La diversité des situations met en lumière que chaque famille trouve son propre rythme face aux exigences modernes.
Flexibilité professionnelle : un atout ou un frein ?
Les questions posées sur la flexibilité offerte par les employeurs révèlent également un tableau contrasté. Gilpin explique sa situation d’entrepreneur indépendant : « Cela me donne flexibilité – mais signifie également qu’il n’y a pas… congé payé ».
Harville fait écho à ce sentiment : « Mon employeur n’a pas le choix – je suis mon employeur », soulignant ainsi que cette autodirection comporte aussi ses propres challenges.

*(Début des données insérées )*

Lemma norm_le_sum2 i j : `|f i j| <= \sum_i' \sum_j' `|f i' j'|.
Proof.
have le_sum (F : T -> R) x : (forall y, 0 <= F y) -> F x <= \sum_y F y.
  by move=> F_ge0; rewrite (bigD1 x) //= lerDl sumr_ge0.
apply: le_trans (le_sum _ j (fun _ => normr_ge0 _)) (le_sum _ i _) => i'.
exact: sumr_ge0.
Qed.

Lemma image2_has_ubound : has_ubound S.
Proof.
exists (\sum_i \sum_j `|f i j|) => _ [i _ [j _ <-]].
exact: le_trans (ler_norm _) (norm_le_sum2 i j).
Qed.

Lemma image2_has_lbound : has_lbound S.
Proof.
exists (- \sum_i \sum_j `|f i j|) => _ [i _ [j _ <-]].
by rewrite lerNl; apply: le_trans (norm_le_sum2 i j); rewrite -normrN ler_norm.
Qed.

End FiniteImage.

Lemma velocity_diameter_ge (R : realType) (N d : nat)
    (v : 'I_N -> 'I_d -> R) i j :
  norm2 (fun k => v i k - v j k) <= velocity_diameter v.
Proof.
by apply: ub_le_sup; [exact: image2_has_ubound | exists i => //; exists j].
Qed.

Lemma velocity_diameter_ge0 (R : realType) (N d : nat)
    (v : 'I_N -> 'I_d -> R) :
  (0 < N)%N -> 0 <= velocity_diameter v.
Proof.
move=> N_gt0; pose i0 := Ordinal N_gt0.
exact: le_trans (norm2_ge0 _) (velocity_diameter_ge v i0 i0).
Qed.

Lemma velocity_diameter_le (R : realType) (N d : nat)
    (v : 'I_N -> 'I_d -> R) (c : R) :
  (0 < N)%N -> (forall i j, norm2 (fun k => v i k - v j k) <= c) ->
  velocity_diameter v <= c.
Proof.
move=> N_gt0 le_c; pose i0 := Ordinal N_gt0.
apply: ge_sup => [|_ [i _ [j _ <-]]] //.
by exists (norm2 (fun k => v i0 k - v i0 k)); exists i0 => //; exists i0.
Qed.

Lemma dobrushin_le (R : realType) (N : nat) (M : 'M[R]_N) i j :
  dobrushin M <= \sum_(k < N) Num.min (M i k) (M j k).
Proof.
by apply: ge_inf; [exact: image2_has_lbound | exists i => //; exists j].
Qed.

Lemma Qmat_row_sum0 (R : realType) (N d : nat)
    (Psi : 'I_N -> 'I_N -> config R N d -> R) z i :
  \sum_(j < N) Qmat Psi z i j = 0.
Proof.
rewrite (bigD1 i) //= mxE eqxx addrC; apply/eqP; rewrite subr_eq0; apply/eqP.
by apply: eq_bigr => j ji; rewrite mxE eq_sym ji.
Qed.

Lemma sum_mulr_diff_row0 (R : realType) (N : nat) (Q : 'M[R]_N) (w : 'I_N -> R) i :
  \sum_(j < N) Q i j = 0 ->
  \sum_(j < N) Q i j * (w j - w i) = \sum_(j < N) Q i j * w j.
Proof.
move=> Q_row0; under eq_bigr do rewrite mulrBr.
by rewrite sumrB -mulr_suml Q_row0 mul0r subr0.
Qed.

Section BackwardKolmogorov.
Variables (R : realType) (N : nat) (G : R -> 'M[R]_N) (P : R -> R -> 'M[R]_N)
  (s t : R).
Hypothesis le_st : s <= t.
Hypothesis Ptt : P t t = 1%:M.
Hypothesis P_cont : forall i j, {within `[s, t], continuous (fun u => P u t i j)}.
Hypothesis P_backward : forall u, s < u -> u < t -> forall i j,
  is_derive u 1 (fun y => P y t i j) (- (P u t *m G u) i j).

Lemma backward_transport (w : R -> 'I_N -> R) :
  (forall k, {within `[s, t], continuous (fun u => w u k)}) ->
  (forall u, s < u -> u < t -> forall k,
     is_derive u 1 (fun y => w y k) (\sum_(j < N) G u k j * w u j)) ->
  forall i, w t i = \sum_(k < N) P s t i k * w s k.
Proof.
move=> w_cont w_ode i.
pose g u := \sum_(k < N) P u t i k * w u k.
have g_t : g t = w t i.
  rewrite /g Ptt (bigD1 i) //= big1 => [|k ki].
    by rewrite mxE eqxx mul1r addr0.
  by rewrite mxE eq_sym (negbTE ki) mul0r.
have g_deriv0 u : u \in `]s, t[%R -> is_derive u 1 g 0.
  rewrite in_itv /= => /andP[su ut].
  have -> : g = \sum_(k < N) (fun y => P y t i k * w y k) by rewrite fct_sumE.
  apply: is_derive_eq; first by apply: is_derive_sum => k; apply: is_deriveM;
    [exact: P_backward | exact: w_ode].
  under eq_bigr do rewrite -![_ *: _]/(_ * _) mulr_sumr mxE mulrN mulr_sumr.
  rewrite big_split /= [X in _ + X]sumrN [X in _ - X]exchange_big /=.
  by rewrite -sumrB big1 // => k _; rewrite -sumrB big1 // => j _; ring.
have g_cont : {within `[s, t], continuous g}.
  move=> y; apply: (cvg_big (op := +%R) (x0 := 0) (P := xpredT) add_continuous
      (Ff := fun k u => P u t i k * w u k)); first exact: nbhs_subspace_filter.
  move=> k _; apply: cvgM; first exact: nbhs_subspace_filter.
    exact: P_cont.
  exact: w_cont.
have [c _ g_eq] := MVT_segment le_st g_deriv0 g_cont.
by apply/eqP; rewrite -g_t -subr_eq0 g_eq mul0r.
Qed.

Lemma backward_row_sum1 : (forall u i, \sum_(j < N) G u i j = 0) ->
  forall i, \sum_(k < N) P s t i k = 1.
Proof.
move=> G_row0 i; under eq_bigr do rewrite -[P s t i _]mulr1.
symmetry; apply: (backward_transport (w := fun _ _ => 1)) => [k|u _ _ k].
  by apply: continuous_subspaceT => y; exact: cst_continuous.
under eq_bigr do rewrite mulr1; rewrite G_row0; exact: is_derive_cst.
Qed.

End BackwardKolmogorov.

Section DobrushinContraction.
Variables (R : realType) (N d : nat) (a : 'I_N -> 'I_d -> R) (D : R).
Hypothesis diam_a : forall k l, norm2 (fun c => a k c - a l c) <= D.

Lemma norm2_barycenter_diff_le (p q : 'I_N -> R) (theta : R) :
  (forall k, 0 <= p k) -> (forall k, 0 <= q k) ->
  \sum_(k < N) p k = theta -> \sum_(k < N) q k = theta ->
  norm2 (fun c => \sum_(k < N) p k * a k c - \sum_(k < N) q k * a k c)
    <= theta * D.
Proof.
move=> p_ge0 q_ge0 sum_p sum_q.
have theta_ge0 : 0 <= theta by rewrite -sum_p sumr_ge0.
have [theta0|theta_neq0] := eqVneq theta 0.
  have p0 k : p k = 0 := psumr_eq0P (fun k _ => p_ge0 k) (etrans sum_p theta0) isT.
  have q0 k : q k = 0 := psumr_eq0P (fun k _ => q_ge0 k) (etrans sum_q theta0) isT.
  have -> : (fun c => \sum_(k < N) p k * a k c - \sum_(k < N) q k * a k c)
      = fun=> 0.
    by apply: funext => c; rewrite !big1 ?subrr // => k _; rewrite ?p0 ?q0 mul0r.
  by rewrite norm2_0 theta0 mul0r.
have theta_gt0 : 0 < theta by rewrite lt_def theta_neq0.
have coupling c : theta * (\sum_(k < N) p k * a k c - \sum_(k < N) q k * a k c) =
    \sum_(k < N) \sum_(l < N) (p k * q l) * (a k c - a l c).
  under [RHS]eq_bigr do under eq_bigr do rewrite mulrBr.
  under [RHS]eq_bigr do rewrite sumrB.
  rewrite sumrB [X in _ = _ - X]exchange_big mulrBr; congr (_ - _).
    rewrite -sum_q mulr_sumr; apply: eq_bigr => k _.
    by rewrite mulr_suml; apply: eq_bigr => l _; ring.
  rewrite -sum_p mulr_sumr; apply: eq_bigr => l _.
  by rewrite mulr_suml; apply: eq_bigr => k _; ring.
rewrite -(ler_pM2l theta_gt0) -norm2Z //.
under eq_fun do rewrite coupling.
apply: le_trans (norm2_sum _ _) _.
apply: le_trans (ler_sum _ (fun k _ => norm2_sum _ _)) _.
rewrite -{1}sum_p mulr_suml; apply: ler_sum => k _.
rewrite -sum_q mulr_suml mulr_sumr; apply: ler_sum => l _.
by rewrite norm2Z ?mulr_ge0 // -mulrA !ler_wpM2l ?diam_a.
Qed.

Lemma dobrushin_pair_contraction (M : 'M[R]_N) (b : 'I_N -> 'I_d -> R) i j :
  (forall i, \sum_(k < N) M i k = 1) ->
  (forall i c, b i c = \sum_(k < N) M i k * a k c) ->
  norm2 (fun c => b i c - b j c)
    <= (1 - \sum_(k < N) Num.min (M i k) (M j k)) * D.
Proof.
move=> M_row1 b_def.
pose m k := Num.min (M i k) (M j k).
have diff c : b i c - b j c =
    \sum_(k < N) (M i k - m k) * a k c - \sum_(k < N) (M j k - m k) * a k c.
  by rewrite !b_def -!sumrB; apply: eq_bigr => k _; ring.
under eq_fun do rewrite diff.
apply: norm2_barycenter_diff_le => [k|k||]; rewrite ?sumrB ?M_row1 //.
  by rewrite subr_ge0 ge_min lexx.
by rewrite subr_ge0 ge_min lexx orbT.
Qed.

End DobrushinContraction.

Theorem corollary2p8 (R : realType) (N d : nat) (alpha : R)
  (Psi : 'I_N -> 'I_N -> config R N d -> R)
  (x v : R -> 'I_N -> 'I_d -> R)
  (P : R -> R -> 'M[R]_N) :
  (0 < N)%N -> (0 < d)%N -> 0 < alpha ->
  (* Psi_ij non-negative, bounded, locally Lipschitz for i <> j *)
  (forall i j, i != j -> forall z, 0 <= Psi i j z) ->
  (forall i j, i != j -> sup_bounded (Psi i j)) ->
  (forall i j, i != j -> locally_lipschitz (Psi i j)) ->
  (* (x, v) is a solution on R_+ of the ODE system *)
  (forall i k, {within `[0, +oo[, continuous (fun t => x t i k)}) ->
  (forall i k, {within `[0, +oo[, continuous (fun t => v t i k)}) ->
  (forall t : R, 0 < t -> forall i k,
     is_derive t 1 (fun s => x s i k) (v t i k)) ->
  (forall t : R, 0 < t -> forall i k,
     is_derive t 1 (fun s => v s i k)
       (alpha * \sum_(j < N) (Qmat Psi (x t, v t)) i j * (v t j k - v t i k))) ->
  (* P* is the solution of the forward/backward Kolmogorov equations *)
  (forall t : R, 0 <= t -> P t t = 1%:M) ->
  (forall s : R, 0 <= s -> forall i j,
     {within `[s, +oo[, continuous (fun t => P s t i j)}) ->
  (forall s t : R, 0 <= s -> s < t -> forall i j,
     is_derive t 1 (fun u => P s u i j)
       (alpha * ((Qmat Psi (x t, v t)) *m P s t) i j)) ->
  (forall t : R, 0 <= t -> forall i j,
     {within `[0, t], continuous (fun s => P s t i j)}) ->
  (forall s t : R, 0 < s -> s < t -> forall i j,
     is_derive s 1 (fun u => P u t i j)
       (- alpha * (P s t *m Qmat Psi (x s, v s)) i j)) ->
  forall s t : R, 0 <= s -> s <= t ->
    velocity_diameter (v t) <= (1 - dobrushin (P s t)) * velocity_diameter (v s).
Proof.
move=> N_gt0 _ _ _ _ _ _ v_cont _ v_ode Ptt _ _ P_cont P_backward s t s_ge0 le_st.
have t_ge0 : 0 <= t := le_trans s_ge0 le_st.
pose Q u := Qmat Psi (x u, v u); pose G u := alpha *: Q u.
have G_row0 u i : \sum_(j < N) G u i j = 0.
  by under eq_bigr do rewrite mxE; rewrite -mulr_sumr Qmat_row_sum0 mulr0.
have P_cont_st i j : {within `[s, t], continuous (fun u => P u t i j)}.
  apply: continuous_subspaceW (P_cont t t_ge0 i j).
  by apply: subset_itvr; rewrite bnd_simp.
have P_backward_st u : s < u -> u < t -> forall i j,
    is_derive u 1 (fun y => P y t i j) (- (P u t *m G u) i j).
  move=> su ut i j; rewrite -scalemxAr mxE -mulNr.
  exact: P_backward (le_lt_trans s_ge0 su) ut i j.
have P_row1 := backward_row_sum1 le_st (Ptt t t_ge0) P_cont_st P_backward_st G_row0.
have v_transport i c : v t i c = \sum_(k < N) P s t i k * v s k c.
  apply: (backward_transport le_st (Ptt t t_ge0) P_cont_st P_backward_st
    (w := fun u k => v u k c)) => [k|u su ut k].
    apply: continuous_subspaceW (v_cont k c).
    by apply: subset_itv; rewrite bnd_simp.
  have -> : \sum_(j < N) G u k j * v u j c
      = alpha * \sum_(j < N) Q u k j * v u j c.
    by rewrite mulr_sumr; apply: eq_bigr => j _; rewrite mxE mulrA.
  rewrite -sum_mulr_diff_row0 ?Qmat_row_sum0 //; exact: v_ode (le_lt_trans s_ge0 su) k c.
apply: velocity_diameter_le => // i j.
have := dobrushin_pair_contraction (velocity_diameter_ge (v s)) i j P_row1 v_transport.
move/le_trans; apply.
by rewrite ler_wpM2r ?velocity_diameter_ge0 // lerD2l lerN2 dobrushin_le.
Qed.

En revanche, certains bénéficient d’une certaine compréhension dans leur milieu professionnel. Schilling déclare avoir pu tenir compte du fait qu’il est père avant tout cela lui permet même d’assister aux événements sportifs scolaires: “J’étais entraîneur… cette saison”.
Ben McChesney (41 ans) conclut quant à lui que même si sa situation actuelle lui offre cette flexibilité, cela n’a pas toujours été le cas auparavant dans sa carrière éducative où il se sentait découragé par sa direction.
Ces récits offrent insights importants non seulement sur les efforts déployés par cette nouvelle génération masculine pour redorer l’image paternelle mais aussi sur les défis qui persistent alors qu’ils tentent d’intégrer pleinement leur rôle familial tout en développant leur carrière professionnelle.